Pas de dortoir pour ce soir, ouf. Le soulagement s’empare d’elle. Son manager ne sera pas au courant de son état. L’agence ne la réprimandera pas une fois de plus. Et Iseul ne sera pas réveillée par sa faute. Tant mieux. Elle n’a aucune idée de l’endroit où il compte l’amener. Tout ce qu’elle souhaite, c’est un lit, une douche et un endroit chaud. Elle ne demande pas grand-chose d’autre. « On va où ? » demande-t-elle, toujours trop curieuse pour son propre bien. Peut-être qu’il l’emmène chez lui. Oh la la, elle ne saura plus où se mettre si c’est le cas. Rien qu’à l’idée, ses pulsations cardiaques s’accélèrent. Mauvaise idée vu la position dans laquelle elle se trouve, sur son dos. Il doit pouvoir le sentir, s’il y fait attention. Pas très futé de sa part.

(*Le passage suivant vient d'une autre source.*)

Lemma vspace_of_subspace (S : set V) : S 0 ->
  (forall u v, S u -> S v -> S (u + v)) -> (forall (k : R) u, S u -> S (k *: u)) ->
  exists U : {vspace V}, forall u, u \in U <-> S u.
Proof.
move=> S0 SD SZ.
pose P d := `[< exists U : {vspace V}, \dim U = d /\ forall u, u \in U -> S u >].
have P0 : P 0%N.
  by apply/asboolP; exists 0%VS; rewrite dimv0; split=> // u; rewrite memv0 => /eqP ->.
have ubP d : P d -> (d <= \dim (fullv : {vspace V}))%N.
  by move=> /asboolP [U [<- _]]; apply: dimvS; exact: subvf.
have [d /asboolP [U [dU US]] dmax] := ex_maxnP (ex_intro P 0%N P0) ubP.
exists U => u; split=> [/US //|Su]; apply: contrapT => nUu.
have UuS w : w \in (U + <[u]>)%VS -> S w.
  by move=> /memv_addP [x /US Sx [y /vlineP [k ->] ->]]; exact/SD/SZ.
have : (\dim (U + <[u]>) <= d)%N by apply/dmax/asboolP; exists (U + <[u]>)%VS.
rewrite -dU leqNgt => /negP; apply; rewrite ltnNge; apply/negP => le_dim.
apply: nUu; have /eqP -> : U == (U + <[u]>)%VS by rewrite eqEdim addvSl.
exact/(subvP (addvSr U _))/memv_line.
Qed.

Lemma face_dir_vspace D Y : is_convex D -> D Y ->
  exists U : {vspace V}, forall u, u \in U <-> face_dir D Y u.
Proof.
move=> cD DY; apply: vspace_of_subspace; first exact: face_dir0.
  by move=> u v; exact: face_dirD.
by move=> k u; exact: face_dirZ.
Qed.

Lemma aff_dim_set1 Y : aff_dim [set Y] = 0%N.
Proof.
apply/eqP; rewrite -leqn0 /aff_dim; case: ex_minnP => m _ /(_ 0%N); apply.
by apply/asboolP; exists [::]; split=> // x y -> ->; rewrite subrr mem0v.
Qed.

Definition face_dim_le D Y (d : nat) :=
  exists2 U : {vspace V}, (forall u, u \in U <-> face_dir D Y u) & (\dim U <= d)%N.

Lemma aff_dim_min_face D Y d : face_dim_le D Y d -> (aff_dim (min_face D Y) <= d)%N.
Proof.
move=> [U hU dU]; rewrite /aff_dim; case: ex_minnP => m _ /(_ (\dim U)) mmin.
apply/(leq_trans _ dU)/mmin/asboolP; exists (vbasis U); split; first exact: size_tuple.
move=> x y [_ /hU xY] [_ /hU yY]; rewrite (span_basis (vbasisP U)).
have -> : x - y = (x - Y) - (y - Y) by rewrite opprB addrA subrK.
exact: memvB.
Qed.

(* Every face direction at the far end [Y + ts Z] of the chord of [D] through
   [Y] is one at [Y] (by [face_dir_inward]), but [Z] is not. *)
Lemma face_dim_drop D Y Z (ts : R) (U : {vspace V}) : is_convex D -> D Y ->
  (forall u, u \in U <-> face_dir D Y u) -> Z \in U -> D (Y + ts *: Z) ->
  (forall t, 0 <= t -> D (Y + t *: Z) -> t <= ts) ->
  face_dim_le D (Y + ts *: Z) (\dim U).-1.
Proof.
move=> cD DY hU UZ Dts tmax; have [e e0 [Dp Dm]] := (hU Z).1 UZ.
have ts0 : 0 < ts by apply: lt_le_trans e0 (tmax _ (ltW e0) Dp).
have [U' hU'] := face_dir_vspace cD Dts; exists U' => //.
have U'U : (U' <= U)%VS.
  apply/subvP => u /hU' hu; apply/hU; apply: (face_dir_inward cD (divr_gt0 e0 ts0)) hu.
  by rewrite opprD addNKr scalerN scalerA divfK ?gt_eqF.
have U'Z : Z \notin U'.
  apply/negP => /hU' [e' e'0 [+ _]]; rewrite -addrA -scalerDl => /(tmax _).
  by move=> /(_ (addr_ge0 (ltW ts0) (ltW e'0))); rewrite gerDl leNgt e'0.
suff : (\dim U' < \dim U)%N by lia.
rewrite ltnNge; apply: contra U'Z => dimUU'.
by have /eqP -> : U' == U by rewrite eqEdim U'U.
Qed.

End FaceDimension.

Section Descent.
Variables (R : realType) (n p : nat).
Local Notation V := 'M[R]_(n, p).
Implicit Types (D : set V) (s : seq V) (g Y Z : V).

Lemma mxipC (A X : V) : mxip A X = mxip X A.
Proof. by rewrite /mxip -mxtrace_tr trmx_mul trmxK. Qed.

Lemma mxipDr (A X Y : V) : mxip A (X + Y) = mxip A X + mxip A Y.
Proof. by rewrite /mxip mulmxDr mxtraceD. Qed.

Lemma mxipZr (A X : V) (a : R) : mxip A (a *: X) = a * mxip A X.
Proof. by rewrite /mxip -scalemxAr mxtraceZ. Qed.

Lemma mxipNr (A X : V) : mxip A (- X) = - mxip A X.
Proof. by rewrite -scaleN1r mxipZr mulN1r. Qed.

Lemma mxip0l (X : V) : mxip 0 X = 0.
Proof. by rewrite /mxip trmx0 mul0mx mxtrace0. Qed.

Definition mxipl (X : V) : V -> R^o := fun A => mxip A X.

Lemma mxipl_is_linear X : linear (mxipl X).
Proof. by move=> a A B; rewrite /mxipl !(mxipC _ X) mxipDr mxipZr. Qed.

HB.instance Definition _ X :=
  GRing.isLinear.Build R V R^o *:%R (mxipl X) (mxipl_is_linear X).

Definition orth s Z := forall B, B \in s -> mxip B Z = 0.

Lemma orth0 s : orth s 0.
Proof. by move=> B _; rewrite mxipC mxip0l. Qed.

Lemma orthD s X Y : orth s X -> orth s Y -> orth s (X + Y).
Proof. by move=> oX oY B sB; rewrite mxipDr oX ?oY ?addr0. Qed.

Lemma orthZ s (k : R) X : orth s X -> orth s (k *: X).
Proof. by move=> oX B sB; rewrite mxipZr oX ?mulr0. Qed.

Lemma orth_span s Z A : orth s Z -> A \in (span s)%VS -> mxip A Z = 0.
Proof.
move=> oZ sA; have : (span s <= lker (linfun (mxipl Z)))%VS.
  by apply/span_subvP => B sB; rewrite memv_ker lfunE /= /mxipl oZ.
by move=> /subvP /(_ A sA); rewrite memv_ker lfunE => /eqP.
Qed.

Lemma exists_orth s (U : {vspace V}) : (size s < \dim U)%N ->
  exists2 Z, Z \in U & Z != 0 /\ orth s Z.
Proof.
elim: s U => [|B s IH] U /= hs.
  by exists (vpick U); rewrite ?memv_pick // vpick0 -dimv_eq0 -lt0n.
pose f := linfun (mxipl B).
have fU1 : (\dim (f @: U) <= 1)%N by rewrite (leq_trans (dimvS (subvf _))) ?dimvf.
have [|Z] := IH (U :&: lker f)%VS.
  move: (limg_ker_dim f U) fU1 hs.
  by move: (\dim (f @: U)) (\dim U) (\dim (U :&: lker f)) => a b c; lia.
rewrite memv_cap memv_ker lfunE /= => /andP [UZ /eqP fZ] [nZ oZ].
exists Z => //; split=> // B'; rewrite inE => /orP [/eqP ->|]; last exact: oZ.
by rewrite mxipC.
Qed.

Definition low_face_below D s g r Y := exists Y',
  [/\ D Y', orth s (Y' - Y), mxip g Y' <= mxip g Y & face_dim_le D Y' r].

Definition descent_dir D s g := exists Z, [/\ rec_cone D Z, orth s Z & mxip g Z < 0].

Lemma low_face_below_shift D s g r Y Z (t : R) : orth s Z -> mxip g Z <= 0 ->
  0 <= t -> low_face_below D s g r (Y + t *: Z) -> low_face_below D s g r Y.
Proof.
move=> oZ gZ t0 [Y' [DY' oY' gY' fY']]; exists Y'; split=> //.
  have -> : Y' - Y = Y' - (Y + t *: Z) + t *: Z by rewrite opprD addrA subrK.
  exact/orthD/orthZ.
by apply: le_trans gY' _; rewrite mxipDr mxipZr gerDl mulr_ge0_le0.
Qed.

Evidemment qu’il dormait. Ça semblerait logique pour toute personne normale mais la demoiselle a pris bien trop d’alcool pour que la logique soit dans son esprit. Elle a même réveillé son chien au passage et l’autre. L’autre quoi ? Il ne termine pas sa phrase et ça a bien le don de l’intriguer. Elle lui demandera, plus tard, un jour, dans quelques heures, semaines, mois, mais un jour promis. Elle l’a déjà suffisamment enquiquiné pour la soirée. S’amusant à enfoncer son index dans le torse du jeune homme, elle lui fait remarquer qu’il est plus musclé qu’elle ne le pensait. En même temps, elle n’a jamais vraiment eu l’occasion de pouvoir toucher la marchandise ou même l’approcher de très près. « Pas seulement les demoiselles dans les gradins » dit-elle en pouffant de rire avant d’arrêter ses manœuvres. Non, pas seulement les spectatrices. Elle se souvient notamment avoir assisté au tournage du premier clip des D.Avenue où Insu était danseur et, ouais, elle avait apprécié le spectacle quoi. « Manger ou devenir bonne, j’ai choisi la facilité. Trop la flemme » dit-elle en baillant allègrement dans le dos du danseur.

Plus il avance dans la ville et plus elle se demande où est-ce qu’il compte l’emmener. Et finalement, c’est la grande porte d’un hôtel qu’elle passe, toujours sur son dos. Quelques minutes après, l’ascenseur passé, elle se retrouve jetée comme une vieille chaussette sur le lit. « Eh ça fait mal ça » gémit-elle avant de faire l’étoile de mer sur le lit. Les yeux fermés, elle écoute ce qu’il lui pose comme question. Dans quel endroit sont-elles allées, précisément. Elle ne s’en souvient même pas. « Dans un bar, je me souviens plus bien. Comme c’était un coin VIP réservé, on m’a pas demandé mes papiers » répond-t-elle en gloussant. « Je sais pas, je crois que Ahreum est rentrée avec des amis, je suis partie la première, j’avais sommeil » continue-t-elle en baillant sauvagement « puis je me suis retrouvée à louper le dernier métro et je savais pas quoi faire donc je suis allée au parc » murmure-t-elle, se roulant en boule sur le côté. « Puis t’es venu me sauver »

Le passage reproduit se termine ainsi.